THE KEY to getting out of Afghanistan without turning Kabul over to the Taliban lies in replacing the failed US “Af-Pak’’ strategy with a new regional approach in which India, Iran, Russia, and China - all opposed to a Taliban takeover - join with the United States and NATO in stabilizing the country.
The “Af-Pak’’ strategy is based on the false premise that Pakistan and the United States are both opposed to Islamist influence in Afghanistan. In reality, Pakistan has long supported the Taliban insurgents there for what it considers a compelling strategic reason: to counter the influence of India in Kabul.
Despite this, the United States continues to give military aid and $800 million in annual cash subsidies to the Pakistan Army, supposedly for the express purpose of fighting the Taliban.

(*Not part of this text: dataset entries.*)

Section DimensionTransfer.
Variables (K : fieldType) (U1 U2 : vectType K).
Variables (S1 : {vspace U1}) (S2 : {vspace U2}) (f : U1 -> U2).
Hypothesis f_comb : forall a x y, x \in S1 -> y \in S1 -> f (a *: x + y) = a *: f x + f y.

Lemma linear_on_sum n (k : 'I_n -> K) (g : 'I_n -> U1) : (forall i, g i \in S1) ->
  f (\sum_(i < n) k i *: g i) = \sum_(i < n) k i *: f (g i).
Proof.
move=> gS; have f0 : f 0 = 0.
  have := f_comb 1 (mem0v S1) (mem0v S1); rewrite !scale1r addr0 => f00.
  by apply: (addrI (f 0)); rewrite addr0 -f00.
suff [] : \sum_(i < n) k i *: g i \in S1 /\
          f (\sum_(i < n) k i *: g i) = \sum_(i < n) k i *: f (g i) by [].
apply: (big_rec2 (fun s t => s \in S1 /\ f s = t)); first by rewrite mem0v f0.
by move=> i s t _ [sS <-]; rewrite memvD ?memvZ // f_comb.
Qed.

Lemma dimv_leq_inj_on : (forall x, x \in S1 -> f x \in S2) ->
  (forall x, x \in S1 -> f x = 0 -> x = 0) -> (\dim S1 <= \dim S2)%N.
Proof.
move=> fS f_inj; set X := vbasis S1.
have XS (i : 'I_(\dim S1)) : X`_i \in S1 by rewrite vbasis_mem ?mem_nth ?size_tuple.
have fX_free : free (map_tuple f X).
  apply/freeP => k fX0 i; apply/freeP: i; first exact: basis_free (vbasisP S1).
  apply: f_inj; first by apply: memv_suml => j _; rewrite memvZ.
  rewrite linear_on_sum //; apply: etrans fX0; apply: eq_bigr => j _.
  by rewrite (nth_map 0) // size_tuple.
have fX_sub : (<<map_tuple f X>> <= S2)%VS.
  by apply/span_subvP => _ /mapP[x xX ->]; rewrite fS ?vbasis_mem.
by have := dimvS fX_sub; rewrite (eqP fX_free) size_tuple.
Qed.

Lemma dimv_leq_onto : (forall y, y \in S2 -> exists2 x, x \in S1 & f x = y) ->
  (\dim S2 <= \dim S1)%N.
Proof.
move=> f_onto; set X := vbasis S1.
have XS (i : 'I_(\dim S1)) : X`_i \in S1 by rewrite vbasis_mem ?mem_nth ?size_tuple.
have S2_sub : (S2 <= <<map_tuple f X>>)%VS.
  apply/subvP => _ /f_onto[x xS <-].
  rewrite (coord_vbasis xS) linear_on_sum //; apply: memv_suml => i _.
  by rewrite memvZ // memv_span // map_f ?mem_nth ?size_tuple.
by rewrite (leq_trans (dimvS S2_sub)) // (leq_trans (dim_span _)) ?size_tuple.
Qed.
Lemma xlnx_bregman_le b x : 0 < b -> 0 <= x ->
  xlnx x - xlnx b - (ln b + 1) * (x - b) <=
  (Num.sqrt x - Num.sqrt b) ^+ 2 * (2 * Num.sqrt x + Num.sqrt b) / Num.sqrt b.
Proof.
move=> b_gt0 x_ge0; rewrite /xlnx.
have r_gt0 : 0 < Num.sqrt b by rewrite sqrtr_gt0.
have eb : b = Num.sqrt b ^+ 2 by rewrite sqr_sqrtr // ltW.
have ex : x = Num.sqrt x ^+ 2 by rewrite sqr_sqrtr.
have t_ge0 : 0 <= Num.sqrt x := sqrtr_ge0 x.
move: r_gt0 t_ge0 eb ex; set r := Num.sqrt b; set t := Num.sqrt x.
move=> r_gt0 t_ge0 eb ex; have r_neq0 : r != 0 by rewrite gt_eqF.
have [x0|x_neq0] := eqVneq x 0.
  have -> : t = 0 by rewrite /t x0 sqrtr0.
  by rewrite x0 eb le_eqVlt; apply: predU1l; field.
have x_gt0 : 0 < x by rewrite lt_def x_neq0.
have t_gt0 : 0 < t by rewrite /t sqrtr_gt0.
have ln_ratio : ln x - ln b <= 2 * (t / r - 1).
  rewrite -ln_div ?posrE // ex eb -expr_div_n lnXn ?divr_gt0 // -[_ *+ 2]mulr_natl.
  by rewrite ler_wpM2l // ln_le_subr1 // divr_gt0.
have -> : x * ln x - b * ln b - (ln b + 1) * (x - b) = x * (ln x - ln b) - x + b by ring.
apply: (le_trans (y := x * (2 * (t / r - 1)) - x + b)).
  by rewrite lerD2r lerD2r ler_wpM2l.
by rewrite ex eb le_eqVlt; apply: predU1l; field.
Qed.

(* With s, r, t = sqrt a, sqrt b, sqrt c, this is the Jensen gap bound of
   xlnx_jensen_gap_le after clearing the denominator (c - a) sqrt b. *)
Lemma bregman_mix_poly_le s r t : 0 <= s -> s <= r -> r <= t ->
  (t ^+ 2 - r ^+ 2) * ((s - r) ^+ 2 * (2 * s + r)) +
  (r ^+ 2 - s ^+ 2) * ((t - r) ^+ 2 * (2 * t + r))
  <= 3 / 2 * (t - s) ^+ 2 * ((t ^+ 2 - s ^+ 2) * r).
Proof.
move=> s_ge0 sr rt.
have r_ge0 : 0 <= r by lra.
have t_ge0 : 0 <= t by lra.
have left_le : (t + r) * (2 * s + r) <= 6 * r * (t + s) by nra.
have right_le : (r + s) * (2 * t + r) <= 6 * r * (t + s) by nra.
have prod_le : (r - s) * (t - r) <= (t - s) ^+ 2 / 4.
  by have := sqr_ge0 (2 * r - s - t); nra.
have -> : (t ^+ 2 - r ^+ 2) * ((s - r) ^+ 2 * (2 * s + r)) +
          (r ^+ 2 - s ^+ 2) * ((t - r) ^+ 2 * (2 * t + r)) =
  (r - s) * (t - r) * ((r - s) * ((t + r) * (2 * s + r)) + (t - r) * ((r + s) * (2 * t + r))).
  by ring.
have sum_le : (r - s) * ((t + r) * (2 * s + r)) + (t - r) * ((r + s) * (2 * t + r))
              <= (t - s) * (6 * r * (t + s)) by nra.
have -> : 3 / 2 * (t - s) ^+ 2 * ((t ^+ 2 - s ^+ 2) * r) = (t - s) ^+ 2 / 4 * ((t - s) * (6 * r * (t + s))) by field.
apply: ler_pM => //; first by nra.
by apply: addr_ge0; rewrite !mulr_ge0 //; lra.
Qed.

Lemma xlnx_jensen_gap_le a b c be : 0 <= a -> a <= b -> b <= c -> 0 <= be <= 1 ->
  b = be * a + (1 - be) * c ->
  be * xlnx a + (1 - be) * xlnx c - xlnx b <= 3 / 2 * (Num.sqrt c - Num.sqrt a) ^+ 2.
Proof.
move=> a_ge0 ab bc /andP[be_ge0 be_le1] eb.
have [b_le0|b_gt0] := leP b 0.
  have [a0 b0] : a = 0 /\ b = 0 by split; lra.
  have c0 : (1 - be) * c = 0 by move: eb; rewrite a0 b0 mulr0 add0r => <-.
  by rewrite a0 b0 !xlnx0 mulr0 add0r subr0 /xlnx mulrA c0 mul0r mulr_ge0 ?sqr_ge0.
have [ac|ac] := eqVneq a c.
  have ba : b = a by rewrite eb -ac; ring.
  by rewrite ba -ac subrr expr2 !mulr0; lra.
have ca_gt0 : 0 < c - a by rewrite subr_gt0 lt_def eq_sym ac (le_trans ab bc).
have cb : be * (c - a) = c - b by rewrite eb; ring.
have ba : (1 - be) * (c - a) = b - a by rewrite eb; ring.
have -> : be * xlnx a + (1 - be) * xlnx c - xlnx b =
    be * (xlnx a - xlnx b - (ln b + 1) * (a - b)) +
    (1 - be) * (xlnx c - xlnx b - (ln b + 1) * (c - b)) +
    (ln b + 1) * (be * a + (1 - be) * c - b) by ring.
rewrite -eb subrr mulr0 addr0.
have r_gt0 : 0 < Num.sqrt b by rewrite sqrtr_gt0.
have [ea eb2 ec] : [/\ a = Num.sqrt a ^+ 2, b = Num.sqrt b ^+ 2 & c = Num.sqrt c ^+ 2].
  by rewrite !sqr_sqrtr // ?ltW //; lra.
have sr : Num.sqrt a <= Num.sqrt b by rewrite ler_sqrt // ltW.
have rt : Num.sqrt b <= Num.sqrt c by rewrite ler_sqrt //; lra.
have Da := xlnx_bregman_le b_gt0 a_ge0.
have Dc := xlnx_bregman_le b_gt0 (le_trans a_ge0 (le_trans ab bc)).
move: r_gt0 ea eb2 ec sr rt Da Dc ca_gt0 cb ba.
set s := Num.sqrt a; set r := Num.sqrt b; set t := Num.sqrt c.
move=> r_gt0 ea eb2 ec sr rt Da Dc ca_gt0 cb ba.
apply: (le_trans (lerD (ler_wpM2l be_ge0 Da) (ler_wpM2l _ Dc))); first lra.
rewrite (_ : _ + _ = (be * (c - a) * ((s - r) ^+ 2 * (2 * s + r)) +
  (1 - be) * (c - a) * ((t - r) ^+ 2 * (2 * t + r))) / ((c - a) * r)); last first.
  by field; rewrite !gt_eqF.
rewrite cb ba ler_pdivrMr ?mulr_gt0 // ea eb2 ec.
exact: bregman_mix_poly_le (sqrtr_ge0 a) sr rt.
Qed.
(* Let $0<q<1$, $N\in\{\tfrac12,1,\tfrac32,2,\dots\}$, $n\in\{0,1,\dots,\lfloor N\rfloor\}$, and $\alpha\in\mathbb{C}$ with $\pm q\alpha, q^2\alpha^2\notin\{q^{-j}:j\in\mathbb{Z}_{\ge0}\}$. Then for all $x\in\mathbb{C}$: $${}_4\phi_3\!\left(\begin{matrix}q^{-2n-1},\alpha^2q^{2n+2},q^{-x-N-\frac12},-q^{x-N-\frac12}\\ q\alpha,-q\alpha,q^{-2N-1}\end{matrix};q,q\right)=\frac{q^{-x-N-\frac12}-q^{x-N-\frac12}}{1-q^{-2N-1}}\;{}_4\phi_3\!\left(\begin{matrix}q^{-2n},\alpha^2q^{2n+3},q^{-2x-2N-1},q^{2x-2N-1}\\ q^2\alpha^2,q^{-2N+1},q^{-2N}\end{matrix};q^2,q^2\right).$$ (Equivalently, $R_{2n+1}(q^{-x-N-\frac12}-q^{x-N-\frac12};\alpha,\alpha,q^{-2N-2},-1\,|\,q)=\frac{q^{-x-N-\frac12}-q^{x-N-\frac12}}{1-q^{-2N-1}}R_n(q^{-2x-2N-1}+q^{2x-2N-1};\alpha^2,q,q^{-2N-2},q^{-2N-2}\,|\,q^2)$.)
   Context: $(x;q)_k=\prod_{j=0}^{k-1}(1-xq^j)$. ${}_4\phi_3\!\left(\begin{matrix}a_1,\dots,a_4\\ b_1,b_2,b_3\end{matrix};q,z\right)=\sum_{k\ge0}\frac{(a_1,\dots,a_4;q)_k}{(b_1,b_2,b_3,q;q)_k}z^k$, terminating here because of the numerator $q^{-2n-1}$ (base $q$) resp. $q^{-2n}$ (base $q^2$). $q$-Racah polynomials: $R_n(q^{-y}+\gamma\delta q^{y+1};\alpha,\beta,\gamma,\delta\,|\,q)={}_4\phi_3(q^{-n},\alpha\beta q^{n+1},q^{-y},\gamma\delta q^{y+1};\alpha q,\beta\delta q,\gamma q;q,q)$. *)

From HB Require Import structures.
From mathcomp Require Import all_boot all_order all_algebra all_field.
Set Implicit Arguments. Unset Strict Implicit. Unset Printing Implicit Defensive.
Import Order.TTheory GRing.Theory Num.Theory.
Local Open Scope ring_scope.

Definition qpoch (C : numClosedFieldType) (x q : C) (k : nat) : C :=
  \prod_(j < k) (1 - x * q ^+ j).

(* Terminating basic hypergeometric series 4phi3 with base q and argument z,
   where the first numerator parameter is a1 = q^{-K}; the series then
   terminates and equals the finite sum over 0 <= k <= K. *)
Definition phi43 (C : numClosedFieldType) (a1 a2 a3 a4 b1 b2 b3 q z : C)
  (K : nat) : C :=
  \sum_(k < K.+1)
    (qpoch a1 q k * qpoch a2 q k * qpoch a3 q k * qpoch a4 q k)
    / (qpoch b1 q k * qpoch b2 q k * qpoch b3 q k * qpoch q q k) * z ^+ k.

From HB Require Import structures.
From mathcomp Require Import all_boot all_order all_algebra all_field.
From mathcomp Require Import ring zify.
Import Order.TTheory GRing.Theory Num.Theory.
Local Open Scope ring_scope.

(* Put t = q^(-N-1/2) and z = q^x.  Both sides are polynomials of degree at most 2n+1
   in the lattice variable z^-1 - z: the left side through the basis (t/z, -tz; q)_k, the
   right side as z^-1 - z times a polynomial in (z^-1 - z)^2, through the basis
   (t^2 z^-2, t^2 z^2; q^2)_j.  Both are eigenfunctions, with the same eigenvalue, of one
   second-order q-difference operator: each basis function is mapped to a combination of
   itself and its predecessor, and the coefficients of the two 4phi3 series make these
   combinations telescope.  On the nodes z = t q^m the eigenvalue equation is a forward
   recurrence, and both sides equal 1 at z = t, so they agree at the 2n+2 nodes
   m = 0, ..., 2n+1.  These have distinct lattice values, so the polynomials coincide. *)

Ltac field_nz := first [ring | field; repeat (apply/andP; split); rewrite ?expf_neq0 //].

Section QPochhammer.
Context {C : numClosedFieldType}.

Lemma qpoch0 (x p : C) : qpoch x p 0 = 1.
Proof. by rewrite /qpoch big_ord0. Qed.

Lemma qpochSl (x y p : C) k : x * p = y -> qpoch x p k.+1 = (1 - x) * qpoch y p k.
Proof.
move=> <-; rewrite /qpoch big_ord_recl expr0 mulr1; congr (_ * _).
by apply: eq_bigr => i _; rewrite /bump /= exprS mulrA.
Qed.

Lemma qpochSr (x p : C) k : qpoch x p k.+1 = qpoch x p k * (1 - x * p ^+ k).
Proof. by rewrite /qpoch big_ord_recr. Qed.

End QPochhammer.

Section Telescope.
Context {R : comPzRingType}.

Lemma telescope_eigen_sum (c mu rho phi : nat -> R) K :
  rho 0%N = 0 ->
  (forall k, (k < K)%N -> c k * (mu k - mu K) + c k.+1 * rho k.+1 = 0) ->
  \sum_(k < K.+1) c k * (mu k * phi k + rho k * phi k.-1) = mu K * \sum_(k < K.+1) c k * phi k.
Proof.
move=> rho0 c_rec; apply/eqP; rewrite -subr_eq0 mulr_sumr -sumrB.
rewrite (eq_bigr (fun k : 'I_K.+1 => c k * (mu k - mu K) * phi k + c k * rho k * phi k.-1));
  last by move=> k _; ring.
rewrite big_split /= big_ord_recr /= subrr mulr0 mul0r addr0.
rewrite big_ord_recl /= rho0 mulr0 mul0r add0r -big_split /=.
apply/eqP/big1 => k _; rewrite /bump /= add1n /= -mulrDl.
by rewrite (c_rec _ (ltn_ord k)) mul0r.
Qed.

End Telescope.

Section QRacahOperator.
Context {C : numClosedFieldType}.
Variables (q t a : C).
Hypotheses (q_neq0 : q != 0) (t_neq0 : t != 0).

(* Up to the factor [opP], which clears denominators, [qdiff] is the difference operator
   of the q-Racah polynomials in the variable z = q^x. *)
Definition opB z :=
  (1 - a ^+ 2 * q ^+ 2 * z ^+ 2 / t ^+ 2) * (1 - t ^+ 2 * z ^+ 2) * (1 + z ^+ 2 / q).
Definition opD z :=
  q * (1 - z ^+ 2 / t ^+ 2) * (a ^+ 2 - t ^+ 2 * z ^+ 2 / q ^+ 2) * (1 + q * z ^+ 2).
Definition opP z := (1 + z ^+ 2 / q) * (1 + z ^+ 2) * (1 + q * z ^+ 2).
Definition qdiff (f : C -> C) z := opB z * (f (q * z) - f z) + opD z * (f (z / q) - f z).

Lemma qdiff_sum (c : nat -> C) (f : nat -> C -> C) K z :
  qdiff (fun z => \sum_(k < K) c k * f k z) z = \sum_(k < K) c k * qdiff (f k) z.
Proof.
elim: K => [|K IH]; first by rewrite /qdiff !big_ord0 !subrr !mulr0 addr0.
move: IH; rewrite /qdiff !big_ord_recr /= => <-; ring.
Qed.

Lemma qdiffZ (c : C) (f : C -> C) z : qdiff (fun z => c * f z) z = c * qdiff f z.
Proof. by rewrite /qdiff; ring. Qed.

Definition basisL k z := qpoch (t / z) q k * qpoch (- (t * z)) q k.
Definition eigL k := (q ^+ k)^-1 * (1 - q ^+ k) * (1 - a ^+ 2 * q ^+ k * q).
Definition lowerL k :=
  - (q ^+ k)^-1 * (1 - a ^+ 2 * (q ^+ k) ^+ 2) * (1 - t ^+ 2 * q ^+ k / q) * (1 - q ^+ k).

Lemma qdiff_basisL k z : z != 0 ->
  qdiff (basisL k) z = opP z * (eigL k * basisL k z + lowerL k * basisL k.-1 z).
Proof.
move=> z_neq0; have qz_neq0 : q * z != 0 by rewrite mulf_neq0.
case: k => [|[|j]].
- by rewrite /qdiff /basisL /eigL /lowerL !qpoch0 !expr0 !subrr; ring.
- rewrite /qdiff /basisL /eigL /lowerL /= !(qpochSl _ _ _ _ (erefl _)) !qpoch0 ?expr1 ?expr0.
  by rewrite /opB /opD /opP; field_nz.
set A := qpoch (t * q / z) q j; set B := qpoch (- (t * q * z)) q j.
have E0 : basisL j.+2 z =
    (1 - t / z) * A * (1 - t * q / z * q ^+ j) * ((1 + t * z) * B * (1 + t * q * z * q ^+ j)).
  rewrite /basisL (qpochSl (t / z) (t * q / z) q j.+1); last by field_nz.
  rewrite (qpochSr (t * q / z) q j).
  rewrite (qpochSl (- (t * z)) (- (t * q * z)) q j.+1); last by ring.
  rewrite (qpochSr (- (t * q * z)) q j).
  rewrite /A /B; ring.
have Eup : basisL j.+2 (q * z) =
    (1 - t / (q * z)) * (1 - t / z) * A * (B * (1 + t * q * z * q ^+ j) * (1 + t * q * z * q ^+ j.+1)).
  rewrite /basisL (qpochSl (t / (q * z)) (t / z) q j.+1); last by field_nz.
  rewrite (qpochSl (t / z) (t * q / z) q j); last by field_nz.
  rewrite (qpochSr (- (t * (q * z))) q j.+1) (qpochSr (- (t * (q * z))) q j).
  rewrite /A /B (_ : t * (q * z) = t * q * z); last by ring.
  rewrite exprS; ring.
have Edown : basisL j.+2 (z / q) =
    A * (1 - t * q / z * q ^+ j) * (1 - t * q / z * q ^+ j.+1) * ((1 + t * z / q) * (1 + t * z) * B).
  rewrite /basisL (qpochSr (t / (z / q)) q j.+1) (qpochSr (t / (z / q)) q j).
  rewrite (qpochSl (- (t * (z / q))) (- (t * z)) q j.+1); last by field_nz.
  rewrite (qpochSl (- (t * z)) (- (t * q * z)) q j); last by ring.
  rewrite /A /B (_ : t / (z / q) = t * q / z); last by field_nz.
  rewrite exprS; ring.
have Elow : basisL j.+1 z = (1 - t / z) * A * ((1 + t * z) * B).
  rewrite /basisL (qpochSl (t / z) (t * q / z) q j); last by field_nz.
  rewrite (qpochSl (- (t * z)) (- (t * q * z)) q j); last by ring.
  rewrite /A /B; ring.
rewrite /qdiff E0 Eup Edown /= Elow /opB /opD /opP /eigL /lowerL !exprS.
by field_nz.
Qed.

Definition qlattice (z : C) := z^-1 - z.
Definition basisR j z :=
  qlattice z * (qpoch (t ^+ 2 / z ^+ 2) (q ^+ 2) j * qpoch (t ^+ 2 * z ^+ 2) (q ^+ 2) j).
Definition eigR j :=
  (q * (q ^+ 2) ^+ j)^-1 * (1 - q * (q ^+ 2) ^+ j) * (1 - a ^+ 2 * q ^+ 2 * (q ^+ 2) ^+ j).
Definition lowerR j :=
  - (q * (q ^+ 2) ^+ j)^-1 * (1 - a ^+ 2 * (q ^+ 2) ^+ j) * (1 - t ^+ 2 * (q ^+ 2) ^+ j)
    * (1 - t ^+ 2 * (q ^+ 2) ^+ j / q) * (1 - (q ^+ 2) ^+ j).

Lemma qdiff_basisR k z : z != 0 ->
  qdiff (basisR k) z = opP z * (eigR k * basisR k z + lowerR k * basisR k.-1 z).
Proof.
move=> z_neq0; have qz_neq0 : q * z != 0 by rewrite mulf_neq0.
case: k => [|[|j]].
- by rewrite /qdiff /basisR /eigR /lowerR /qlattice !qpoch0 !expr0 /opB /opD /opP; field_nz.
- rewrite /qdiff /basisR /eigR /lowerR /qlattice /= !(qpochSl _ _ _ _ (erefl _)) !qpoch0 ?expr1 ?expr0.
  by rewrite /opB /opD /opP; field_nz.
set p := q ^+ 2; set x := t ^+ 2 / z ^+ 2; set y := t ^+ 2 * z ^+ 2.
set A := qpoch (x * p) p j; set B := qpoch (y * p) p j.
have E0 : basisR j.+2 z =
    qlattice z * ((1 - x) * A * (1 - x * p * p ^+ j) * ((1 - y) * B * (1 - y * p * p ^+ j))).
  rewrite /basisR -/p -/x -/y (qpochSl x (x * p) p j.+1) // (qpochSr (x * p) p j).
  rewrite (qpochSl y (y * p) p j.+1) // (qpochSr (y * p) p j) /A /B; ring.
have Eup : basisR j.+2 (q * z) = qlattice (q * z) *
    ((1 - x / p) * (1 - x) * A * (B * (1 - y * p * p ^+ j) * (1 - y * p * p ^+ j.+1))).
  rewrite /basisR -/p (qpochSl (t ^+ 2 / (q * z) ^+ 2) x p j.+1); last by rewrite /x /p; field_nz.
  rewrite (qpochSl x (x * p) p j) //.
  rewrite (_ : t ^+ 2 * (q * z) ^+ 2 = y * p); last by rewrite /y /p; ring.
  rewrite (qpochSr (y * p) p j.+1) (qpochSr (y * p) p j).
  rewrite /A /B (_ : t ^+ 2 / (q * z) ^+ 2 = x / p); last by rewrite /x /p; field_nz.
  rewrite exprS; ring.
have Edown : basisR j.+2 (z / q) = qlattice (z / q) *
    (A * (1 - x * p * p ^+ j) * (1 - x * p * p ^+ j.+1) * ((1 - y / p) * (1 - y) * B)).
  rewrite /basisR -/p (_ : t ^+ 2 / (z / q) ^+ 2 = x * p); last by rewrite /x /p; field_nz.
  rewrite (qpochSr (x * p) p j.+1) (qpochSr (x * p) p j).
  rewrite (qpochSl (t ^+ 2 * (z / q) ^+ 2) y p j.+1); last by rewrite /y /p; field_nz.
  rewrite (qpochSl y (y * p) p j) //.
  rewrite /A /B (_ : t ^+ 2 * (z / q) ^+ 2 = y / p); last by rewrite /y /p; field_nz.
  rewrite exprS; ring.
have Elow : basisR j.+1 z = qlattice z * ((1 - x) * A * ((1 - y) * B)).
  by rewrite /basisR -/p -/x -/y (qpochSl x (x * p) p j) // (qpochSl y (y * p) p j).
rewrite /qdiff E0 Eup Edown /= Elow /opB /opD /opP /eigR /lowerR -/p !(exprS p).
by rewrite /p /x /y /qlattice; field_nz.
Qed.

Definition coefL K k := qpoch (q ^- K) q k * qpoch (a ^+ 2 * q ^+ K.+1) q k /
  (qpoch (q * a) q k * qpoch (- (q * a)) q k * qpoch (t ^+ 2) q k * qpoch q q k) * q ^+ k.
Definition sumL K z := \sum_(k < K.+1) coefL K k * basisL k z.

Until this pretense is ended, the United States will remain mired in a stalemate with Pakistan-supplied Taliban fighters. Equally important, Islamabad will be increasingly emboldened to demand the exclusion of Indian influence from Afghanistan as the price for cooperation there. Given India’s strong opposition to Islamist forces, this would directly conflict with US interests and goals.
Defenders of aid to Pakistan argue that its Inter-Services Intelligence directorate, the ISI, has given the CIA valuable information about Al Qaeda. Another compelling reason for US reluctance to threaten a cutoff of subsidies and aid is that Islamabad could counter by denying transit through Pakistan to supply US forces in Afghanistan.
“With one hand, they threaten to prevent you from prosecuting the war unless you pay them off,’’ Said Jawad, the Afghan ambassador to the United States, said. “With the other, they help the Taliban to make sure that the war keeps going on and the aid keeps flowing.’’
To escape from this trap, the United States should make three policy changes:
First, the administration should make clear that it recognizes the right of India, as the preeminent South Asian power, to be a major player in Kabul. The spokesman of the Pakistan armed forces, Major General Athar Abbas, criticizing the “overinvolvement of Indians in Afghanistan’’ in a July CNN interview, specifically warned against any Indian role in training the Afghan Army. But such a role could be a valuable supplement to the current faltering US-NATO training efforts. Indian aid to Kabul has so far been limited to $1.2 billion in economic aid.
Second, the Obama administration should seek Pakistan’s help in negotiating peace agreements with local Taliban factions, following up earlier Saudi Arabian initiatives. To get Taliban participation, such agreements would have to include a timetable for phased withdrawal of most US forces from all but the major cities and highways of Afghanistan.
Third, local peace agreements should be linked to a larger peace process negotiated at regional conferences attended by India, Iran, Russia, and China, in addition to the United States, NATO, Pakistan, and Saudi Arabia.
India feels encircled by ISI-supported Islamist forces operating out of Bangladesh and Nepal as well as Afghanistan and Pakistan. Shi’ite-majority Iran opposes the Sunni Taliban, and China, facing an Islamist uprising in Sinkiang, is increasingly wary of Taliban rule in Kabul. Bringing these nations into Afghan affairs would offset Pakistani support for the Taliban so that its influence remains confined to its strongholds in the ethnically Pashtun south and east and it does not become dominant in Kabul.
A peace process that leads to a phased withdrawal of most US forces would end the dependence of the United States on Pakistani supply lines. It would then be possible, at last, for the United States to use its enormous aid leverage in Islamabad effectively.
If the Al Qaeda leadership is still in Pakistan, and if ISI provides actionable intelligence that facilitates its destruction, then the existing US payoffs to the army should continue. But if Al Qaeda is no longer centered in Pakistan, as some suspect, or if ISI is unable to provide actionable intelligence, then the United States should restrict its aid to Islamabad to large-scale economic assistance focused on development and education. Maintaining friendly ties with Pakistan as a major Third World country and a nuclear weapons state should continue to be a US priority. But the tail should no longer wag the dog.
Selig S. Harrison, author of “Out of Afghanistan’’ and “In Afghanistan’s Shadow,’’ is director of the Asia Program at the Center for International Policy.